SOURCE MATERIAL:
Lemma affine_preimage_itv_oc (R : realType) (a s u v : R) : 0 < s ->
  affine a s @^-1` `]u, v]%classic = `](u - a) / s, (v - a) / s]%classic.
Proof.
move=> s0; apply/seteqP; split => z /=; rewrite /affine !in_itv /=.
- by rewrite ltr_pdivrMr// ler_pdivlMr// ltrBlDl lerBrDl ![s * z]mulrC.
- by rewrite ltr_pdivrMr// ler_pdivlMr// ltrBlDl lerBrDl ![s * z]mulrC.
Qed.

Lemma lebesgue_measure_affine_preimage (R : realType) (a s : R) (A : set R) :
  0 < s -> measurable A ->
  lebesgue_measure (affine a s @^-1` A) = ((s^-1)%:E * lebesgue_measure A)%E.
Proof.
move=> s0 mA.
have mf : measurable_fun [set: measurableTypeR R]
    (affine a s : measurableTypeR R -> measurableTypeR R).
  by apply: measurable_funD => //; exact: measurable_funM.
rewrite [lebesgue_measure A](@lebesgue_measure_unique R (mscale (NngNum (ltW s0))
  (pushforward lebesgue_measure
     (affine a s : measurableTypeR R -> measurableTypeR R)))) //=.
  by rewrite muleA -EFinM mulVf ?gt_eqF// mul1e.
move=> _ [[u v] _ <-]; rewrite /mscale /= /pushforward affine_preimage_itv_oc//.
rewrite !lebesgue_measure_itv /= !lte_fin ltr_pM2r ?invr_gt0// ltrD2r.
case: ifP => _; last by rewrite mule0.
by rewrite -!EFinB -EFinM -mulrBl opprB addrA subrK mulrC divfK ?gt_eqF.
Qed.

Lemma affine_preimage_sub_itv {R : realType} {a s K : R} : 0 < s ->
  `|a| + 1 <= s * K -> affine a s @^-1` `[-1, 1]%classic `<=` `[- K, K]%classic.
Proof.
move=> s0 aK z /=; rewrite /affine !in_itv /= -!ler_norml => az1.
rewrite -(ler_pM2l s0) (le_trans _ aK)// -[s]gtr0_norm// -normrM.
have -> : s * z = a + s * z - a by rewrite addrAC subrr add0r.
by rewrite (le_trans (ler_normB _ _))// addrC lerD.
Qed.

Lemma csa_prob_ge_lebesgue {R : realType} {c : R} (lambda : nat) {M : R} :
  0 < c -> c < 2 -> 0 <= M ->
  exists2 kap : R, 0 < kap & forall x, `|x| <= M -> forall B : set R, measurable B ->
    (kap%:E * lebesgue_measure (B `&` `[(-1)%R, 1%R]%classic)
      <= csa_prob c lambda x B)%E.
Proof.
move=> c0 c2 M0; set s := Num.sqrt (c * (2 - c)).
have s0 : 0 < s by rewrite sqrtr_gt0 mulr_gt0// subr_gt0.
set K := (`|1 - c| * M + 1) / s.
have K0 : 0 <= K by apply: divr_ge0; [rewrite addr_ge0 ?mulr_ge0|exact: ltW].
have [kap kap0 minN01_ge] := minN01_prob_ge_lebesgue R lambda.-1 K K0.
exists (kap / s) => [|x xM B mB]; first by rewrite divr_gt0.
set a := (1 - c) * x.
have aK : `|a| + 1 <= s * K.
  by rewrite /K mulrC divfK ?gt_eqF// lerD2r normrM ler_wpM2l.
have mB1 : measurable (B `&` `[-1, 1]%classic) by exact: measurableI.
have mpre : measurable (affine a s @^-1` B).
  by rewrite -[X in measurable X]setTI; exact: measurable_affine.
apply: le_trans (minN01_ge _ mpre); rewrite EFinM -muleA.
rewrite -(lebesgue_measure_affine_preimage R a s _ s0 mB1).
apply: lee_wpmul2l; first by rewrite lee_fin ltW.
apply: le_measure; rewrite ?inE//.
- by rewrite -[X in measurable X]setTI; exact: measurable_affine.
- exact: measurableI.
- by move=> z [Bz I1z]; split => //; exact: (affine_preimage_sub_itv s0 aK _ I1z).
Qed.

ABOUT THIS TASK:
Each line of the data has to be written out exactly as it appears.

TASK OUTPUT:
Lemma affine_preimage_itv_oc (R : realType) (a s u v : R) : 0 < s ->
  affine a s @^-1` `]u, v]%classic = `](u - a) / s, (v - a) / s]%classic.
Proof.
move=> s0; apply/seteqP; split => z /=; rewrite /affine !in_itv /=.
- by rewrite ltr_pdivrMr// ler_pdivlMr// ltrBlDl lerBrDl ![s * z]mulrC.
- by rewrite ltr_pdivrMr// ler_pdivlMr// ltrBlDl lerBrDl ![s * z]mulrC.
Qed.

Lemma lebesgue_measure_affine_preimage (R : realType) (a s : R) (A : set R) :
  0 < s -> measurable A ->
  lebesgue_measure (affine a s @^-1` A) = ((s^-1)%:E * lebesgue_measure A)%E.
Proof.
move=> s0 mA.
have mf : measurable_fun [set: measurableTypeR R]
    (affine a s : measurableTypeR R -> measurableTypeR R).
  by apply: measurable_funD => //; exact: measurable_funM.
rewrite [lebesgue_measure A](@lebesgue_measure_unique R (mscale (NngNum (ltW s0))
  (pushforward lebesgue_measure
     (affine a s : measurableTypeR R -> measurableTypeR R)))) //=.
  by rewrite muleA -EFinM mulVf ?gt_eqF// mul1e.
move=> _ [[u v] _ <-]; rewrite /mscale /= /pushforward affine_preimage_itv_oc//.
rewrite !lebesgue_measure_itv /= !lte_fin ltr_pM2r ?invr_gt0// ltrD2r.
case: ifP => _; last by rewrite mule0.
by rewrite -!EFinB -EFinM -mulrBl opprB addrA subrK mulrC divfK ?gt_eqF.
Qed.

Lemma affine_preimage_sub_itv {R : realType} {a s K : R} : 0 < s ->
  `|a| + 1 <= s * K -> affine a s @^-1` `[-1, 1]%classic `<=` `[- K, K]%classic.
Proof.
move=> s0 aK z /=; rewrite /affine !in_itv /= -!ler_norml => az1.
rewrite -(ler_pM2l s0) (le_trans _ aK)// -[s]gtr0_norm// -normrM.
have -> : s * z = a + s * z - a by rewrite addrAC subrr add0r.
by rewrite (le_trans (ler_normB _ _))// addrC lerD.
Qed.

Lemma csa_prob_ge_lebesgue {R : realType} {c : R} (lambda : nat) {M : R} :
  0 < c -> c < 2 -> 0 <= M ->
  exists2 kap : R, 0 < kap & forall x, `|x| <= M -> forall B : set R, measurable B ->
    (kap%:E * lebesgue_measure (B `&` `[(-1)%R, 1%R]%classic)
      <= csa_prob c lambda x B)%E.
Proof.
move=> c0 c2 M0; set s := Num.sqrt (c * (2 - c)).
have s0 : 0 < s by rewrite sqrtr_gt0 mulr_gt0// subr_gt0.
set K := (`|1 - c| * M + 1) / s.
have K0 : 0 <= K by apply: divr_ge0; [rewrite addr_ge0 ?mulr_ge0|exact: ltW].
have [kap kap0 minN01_ge] := minN01_prob_ge_lebesgue R lambda.-1 K K0.
exists (kap / s) => [|x xM B mB]; first by rewrite divr_gt0.
set a := (1 - c) * x.
have aK : `|a| + 1 <= s * K.
  by rewrite /K mulrC divfK ?gt_eqF// lerD2r normrM ler_wpM2l.
have mB1 : measurable (B `&` `[-1, 1]%classic) by exact: measurableI.
have mpre : measurable (affine a s @^-1` B).
  by rewrite -[X in measurable X]setTI; exact: measurable_affine.
apply: le_trans (minN01_ge _ mpre); rewrite EFinM -muleA.
rewrite -(lebesgue_measure_affine_preimage R a s _ s0 mB1).
apply: lee_wpmul2l; first by rewrite lee_fin ltW.
apply: le_measure; rewrite ?inE//.
- by rewrite -[X in measurable X]setTI; exact: measurable_affine.
- exact: measurableI.
- by move=> z [Bz I1z]; split => //; exact: (affine_preimage_sub_itv s0 aK _ I1z).
Qed.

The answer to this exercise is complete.